The LEAP Manifesto written by some left-wing members of the federal New Democratic Party has been subjected to an outpouring of ridicule in the mainstream media and frenzied opposition from the Alberta NDP government. Yet, an unbiased reading of the manifesto would see it as a Canadian application of Pope Francis' encyclical Laudato Si' with a bit of Pope Benedict XVI's Caritas et Veritate thrown in for good measure.

Both encyclicals were received politely with Pope Francis' effort even generating some sustained enthusiasm. Of course, encyclicals deal more in the realm of principles without delving far into policy proposals.

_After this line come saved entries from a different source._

Lemma Cm_Bm_brZX p i : Cm A p i = - Bm A i p.
Proof. by rewrite Cm_brZX Bm_brZX !mxE (eq_sym p i) mulN1r mulNrn opprD !opprK. Qed.

Lemma rank_one_idem : X *m Z *m (X *m Z) = X *m Z.
Proof. by rewrite mulmxA -(mulmxA X) pairE hZX mulmx1. Qed.

Lemma Bm_brZX_roots : (Bm A - (-1)%:M) *m (Bm A - (-2)%:M) = 0.
Proof. by rewrite Bm_brZX; apply: idempotent_affine_roots rank_one_idem _; lra. Qed.

Lemma Cm_brZX_roots : (Cm A - 1%:M) *m (Cm A - 2%:M) = 0.
Proof.
rewrite Cm_brZX -[(X *m Z)^T]scale1r; apply: idempotent_affine_roots; last by lra.
by rewrite -trmx_mul rank_one_idem.
Qed.

End Transversal.
End GradedBrackets.

Section WeylSlots.
Variables (R : realType) (n : nat).
Local Notation I4 := ('I_n * 'I_n * 'I_n * 'I_n)%type.

Definition coord4 (i : 'I_4) (t : I4) : 'I_n :=
  let: (p, q, r, s) := t in
  match val i with 0 => p | 1 => q | 2 => r | _ => s end%N.

Definition set_coord4 (i : 'I_4) (t : I4) (m : 'I_n) : I4 :=
  let: (p, q, r, s) := t in
  match val i with
  | 0 => (m, q, r, s) | 1 => (p, m, r, s) | 2 => (p, q, m, s) | _ => (p, q, r, m)
  end%N.

Local Notation slot4 i := (@slot R n _ (coord4 i) (set_coord4 i)).

Lemma annihilated_by_slot4 i K a b : (K - a%:M) *m (K - b%:M) = 0 ->
  annihilated_by (slot4 i K) [:: a; b].
Proof.
by apply: annihilated_by_slot; case: i => [[|[|[|[|//]]]] ?] [[[p q] r] s].
Qed.

Lemma commuting_slot4 i j K K' : i != j -> commuting (slot4 i K) (slot4 j K').
Proof.
by case: i j => [[|[|[|[|//]]]] ?] [[|[|[|[|//]]]] ?] // _;
  apply: commuting_slot => [[[[p q] r] s]|[[[p q] r] s]|[[[p q] r] s]].
Qed.

Local Notation ord4 k := (@Ordinal 4 k isT).

Lemma actWeyl_slots (A : 'M[R]_(1 + n)) :
  actWeyl A =1 slot4 (ord4 0) (Cm A) \+ slot4 (ord4 1) (Cm A)
               \+ slot4 (ord4 2) (Bm A) \+ slot4 (ord4 3) (Cm A).
Proof. by move=> T; apply/ffunP => -[[[p q] r] s]; rewrite !ffunE /= !big_split. Qed.

Lemma annihilated_by_actWeyl (A : 'M[R]_(1 + n)) a b c d :
  (Cm A - a%:M) *m (Cm A - b%:M) = 0 -> (Bm A - c%:M) *m (Bm A - d%:M) = 0 ->
  a != b -> c != d ->
  annihilated_by (actWeyl A)
    (sumset (sumset (sumset [:: a; b] [:: a; b]) [:: c; d]) [:: a; b]).
Proof.
move=> CC BB ab cd T; rewrite (eq_prod_shift _ (actWeyl_slots A)).
have uab : uniq [:: a; b] by rewrite /= inE ab.
have ucd : uniq [:: c; d] by rewrite /= inE cd.
have com i j K K' : i != j -> commuting (slot4 i K) (slot4 j K') by exact: commuting_slot4.
apply: annihilated_by_add; rewrite ?sumset_uniq //; last exact: annihilated_by_slot4.
  by apply: commuting_addl; [apply: commuting_addl|]; apply: com.
apply: annihilated_by_add; rewrite ?sumset_uniq //; last exact: annihilated_by_slot4.
  by apply: commuting_addl; apply: com.
by apply: annihilated_by_add => //; [exact: com | exact: annihilated_by_slot4 ..].
Qed.

Fact actWeyl_is_linear (A : 'M[R]_(1 + n)) : linear (actWeyl A).
Proof. by move=> c S T; rewrite !actWeyl_slots linearP. Qed.

HB.instance Definition _ (A : 'M[R]_(1 + n)) :=
  GRing.isLinear.Build R _ _ *:%R (actWeyl A) (actWeyl_is_linear A).

End WeylSlots.

Section WeylInvariance.
Variables (R : realType) (n : nat) (A : 'M[R]_(1 + n)) (T : tens4 R n).
Local Notation C := (Cm A).
Local Notation B := (Bm A).

Lemma actWeyl_antisym :
  (forall i j k l, T (i, j, k, l) = - T (j, i, k, l)) ->
  forall i j k l, actWeyl A T (i, j, k, l) = - actWeyl A T (j, i, k, l).
Proof.
move=> HA i j k l; rewrite !ffunE /= -sumrN; apply: eq_bigr => m _.
by rewrite (HA m i k l) (HA j m k l) (HA j i m l) (HA j i k m); ring.
Qed.

Lemma actWeyl_bianchi :
  (forall i j k l, T (i, j, k, l) + T (j, l, k, i) + T (l, i, k, j) = 0) ->
  forall i j k l,
    actWeyl A T (i, j, k, l) + actWeyl A T (j, l, k, i) + actWeyl A T (l, i, k, j) = 0.
Proof.
move=> HB i j k l; have cyc p q r s : T (p, q, r, s) = - (T (q, s, r, p) + T (s, p, r, q)).
  by apply/eqP; rewrite -addr_eq0 addrA HB.
rewrite !ffunE /= -!big_split /=; apply: big1 => m _.
by rewrite (cyc m j k l) (cyc i m k l) (cyc i j k m) (cyc i j m l); ring.
Qed.

Lemma sum_mul_contract0 (c : 'I_n -> R) (S : 'I_n -> 'I_n -> R) :
  (forall m, \sum_k S m k = 0) -> \sum_k \sum_m c m * S m k = 0.
Proof. by move=> S0; rewrite exchange_big big1 // => m _; rewrite -mulr_sumr S0 mulr0. Qed.

Hypothesis CB : forall p i, C p i = - B i p.

(* The dual actions on g_1 and g_{-1} cancel in a contraction. *)
Lemma contract_dual (S : 'I_n -> 'I_n -> R) :
  \sum_k \sum_m B k m * S m k + \sum_k \sum_m C k m * S k m = 0.
Proof.
rewrite [X in _ + X]exchange_big -big_split; apply: big1 => k _.
by rewrite -big_split; apply: big1 => m _ /=; rewrite CB mulNr addrN.
Qed.

Lemma actWeyl_trace34 :
  (forall i j, \sum_k T (i, j, k, k) = 0) ->
  forall i j, \sum_k actWeyl A T (i, j, k, k) = 0.
Proof.
move=> H i j; under eq_bigr => k _ do rewrite ffunE /= !big_split /=.
rewrite !big_split /= [X in X + _ + _ + _]sum_mul_contract0 //.
by rewrite [X in _ + X + _ + _]sum_mul_contract0 // !add0r contract_dual.
Qed.

Lemma actWeyl_trace13 :
  (forall j l, \sum_k T (k, j, k, l) = 0) ->
  forall j l, \sum_k actWeyl A T (k, j, k, l) = 0.
Proof.
move=> H j l; under eq_bigr => k _ do rewrite ffunE /= !big_split /=.
rewrite !big_split /= [X in _ + X + _ + _]sum_mul_contract0 //.
rewrite [X in _ + _ + _ + X]sum_mul_contract0 // addr0 addr0 addrC.
exact: contract_dual.
Qed.

Lemma actWeyl_trace23 :
  (forall i l, \sum_k T (i, k, k, l) = 0) ->
  forall i l, \sum_k actWeyl A T (i, k, k, l) = 0.
Proof.
move=> H i l; under eq_bigr => k _ do rewrite ffunE /= !big_split /=.
rewrite !big_split /= [X in X + _ + _ + _]sum_mul_contract0 //.
rewrite [X in _ + _ + _ + X]sum_mul_contract0 // add0r addr0 addrC.
exact: contract_dual.
Qed.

The LEAP Manifesto does make general policy proposals, one of which - a call for an end to "building new infrastructure projects that lock us into increased energy extraction decades into the future" - has drawn the most reaction.

The Alberta NDP has bent over backwards to accommodate the interests of the petroleum industry. Yet, it has also taken positive steps toward avoiding climate catastrophe. As well, some petroleum companies have made serious efforts to reduce greenhouse gas emissions.

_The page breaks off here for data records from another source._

(* Let $V$ be a $K$-vector space and let $Moor(V)=V\otimes S(V)$ be the free $Moor$-algebra over $V$, with product determined by $(v\otimes\omega)\prec(v'\otimes 1)=v\otimes(\omega\vee v')$ and $(v\otimes\omega)\prec(v'\otimes\omega')=0$ for $\omega'\in S^n(V)$, $n\geq 1$, graded by $Moor(V)_n=V\otimes S^{n-1}(V)$ for $n\geq 1$. Then $Moor(V)$ can be equipped with a cooperation making it a connected $Moor$-bialgebra.
   Context: $K$ is a field of characteristic zero; $S(V)=K\oplus\bigoplus_{n>0}S^n(V)$ is the symmetric algebra with product $\vee$, and $1\in K=S^0(V)$; $\tau$ is the flip map. A $Moor$-bialgebra is a graded vector space $\mathcal{H}=\bigoplus_{p>0}\mathcal{H}_p$ with a bilinear operation $\prec$ satisfying $\mathcal{H}_p\prec\mathcal{H}_q\subseteq\mathcal{H}_{p+q}$, $(x\prec y)\prec z=(x\prec z)\prec y$ and $x\prec(y\prec z)=0$, together with a linear map $\Delta:\mathcal{H}\to\mathcal{H}\otimes\mathcal{H}$ (Sweedler notation $\Delta(x)=x_{(1)}\otimes x_{(2)}$) satisfying $(\mathrm{id}\otimes\Delta)\Delta=0$, $(\Delta\otimes\mathrm{id})\Delta=(\mathrm{id}\otimes\tau)(\Delta\otimes\mathrm{id})\Delta$, and $\Delta(x\prec y)=x\otimes e(y)+(x_{(1)}\prec y)\otimes x_{(2)}$ for all $x,y$, where $e:\mathcal{H}\to\mathcal{H}_1$ is the canonical projection. Set $\Delta^{(1)}=\Delta$ and $\Delta^{(r)}=(\Delta\otimes\mathrm{id}^{\otimes(r-1)})\Delta^{(r-1)}$. The $Moor$-bialgebra is connected if $\ker\Delta\subseteq\mathcal{H}_1$ and $\mathcal{H}=\bigcup_{r\geq 1}\ker\Delta^{(r)}$. *)

From HB Require Import structures.
From mathcomp Require Import all_boot all_order all_algebra.
From mathcomp Require Import finmap.
From mathcomp Require Import monalg.
Set Implicit Arguments. Unset Strict Implicit. Unset Printing Implicit Defensive.
Import GRing.Theory.
Local Open Scope ring_scope.

(* V is the K-vector space with basis I, i.e. {malg K[I]};
   S(V) = {malg K[{cmonom I}]} (polynomials in the basis vectors);
   Moor(V) = V (x) S(V) is the free K-space on the basis
   e_i (x) m  (i : I, m a monomial), i.e. on the type  I * {cmonom I}.
   Tensor powers of Moor(V) are free on pairs / triples / words of basis
   elements. *)

Section MoorDefs.
Variables (K : fieldType) (I : choiceType).

Definition MB : choiceType := (I * {cmonom I})%type.
Definition Moor := {malg K[MB]}.
Definition Moor2 := {malg K[(MB * MB)%type]}.
Definition Moor3 := {malg K[(MB * MB * MB)%type]}.
Definition MoorW := {malg K[seq MB]}.

(* grading: e_i (x) m  lies in Moor(V)_{deg m + 1} = V (x) S^{deg m}(V) *)
Definition mdegB (b : MB) : nat := (mdeg b.2).+1.
Definition homog (p : nat) (x : Moor) : Prop :=
  forall b, b \in msupp x -> mdegB b = p.

Definition eproj (x : Moor) : Moor :=
  \sum_(b <- msupp x | mdeg b.2 == 0%N) << x@_b *g b >>.

(* the free Moor product, bilinear extension of
   (v (x) w) < (v' (x) 1)  = v (x) (w v'),  (v (x) w) < (v' (x) w') = 0 if deg w' >= 1 *)
Definition prec_basis (b c : MB) : Moor :=
  if c.2 == @onecm I then << (b.1, mulcm b.2 (ucm c.1)) >> else 0.
Definition prec (x y : Moor) : Moor :=
  \sum_(b <- msupp x) \sum_(c <- msupp y) (x@_b * y@_c) *: prec_basis b c.

Definition tens (x y : Moor) : Moor2 :=
  \sum_(b <- msupp x) \sum_(c <- msupp y) (x@_b * y@_c) *: << (b, c) >>.

Section WithDelta.
Variable D : Moor -> Moor2.
Definition Db (b : MB) : Moor2 := D << b >>.

Definition id_tens_D (z : Moor2) : Moor3 :=
  \sum_(p <- msupp z) z@_p *:
     \sum_(q <- msupp (Db p.2)) (Db p.2)@_q *: << (p.1, q.1, q.2) >>.
Definition D_tens_id (z : Moor2) : Moor3 :=
  \sum_(p <- msupp z) z@_p *:
     \sum_(q <- msupp (Db p.1)) (Db p.1)@_q *: << (q.1, q.2, p.2) >>.
Definition id_tens_tau (t : Moor3) : Moor3 :=
  \sum_(p <- msupp t) t@_p *: << (p.1.1, p.2, p.1.2) >>.

Definition prec_left (z : Moor2) (y : Moor) : Moor2 :=
  \sum_(p <- msupp z) z@_p *: tens (prec << p.1 >> y) << p.2 >>.

(* iterated coproducts Delta^(r) : Moor -> Moor^{(x)(r+1)} as words *)
Definition toW2 (z : Moor2) : MoorW :=
  \sum_(p <- msupp z) z@_p *: << [:: p.1; p.2] >>.
Definition D_first (w : MoorW) : MoorW :=
  \sum_(s <- msupp w) w@_s *:
     (match s with
      | b :: t => \sum_(q <- msupp (Db b)) (Db b)@_q *: << q.1 :: q.2 :: t >>
      | [::] => 0
      end).
Fixpoint Diter (r : nat) (x : Moor) : MoorW :=
  match r with
  | 0 => 0   (* unused *)
  | 1 => toW2 (D x)
  | r'.+1 => D_first (Diter r' x)
  end.
End WithDelta.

LEAP has been excoriated as a Marxist document. It is nothing of the sort, steering far afield of the radicalism of the Waffle Manifesto of the early 1970s which advocated "extensive public control over investment and nationalization of the commanding heights of the economy."

LEAP advocates building energy efficient homes, retrofitting existing housing, moving to a more localized and ecologically sensitive agriculture system, and a guaranteed annual income. Not exactly communism!

Nor does LEAP even go as far as St. John Paul II who in his 1991 encyclical Centesimus Annus wrote that improving society entails profound changes in "lifestyles, models of production and consumption, and the established structures of power which today govern societies." LEAP mainly talks about actions governments should take without discussing the need for changed lifestyles and says little about reconfiguring society's structures of power.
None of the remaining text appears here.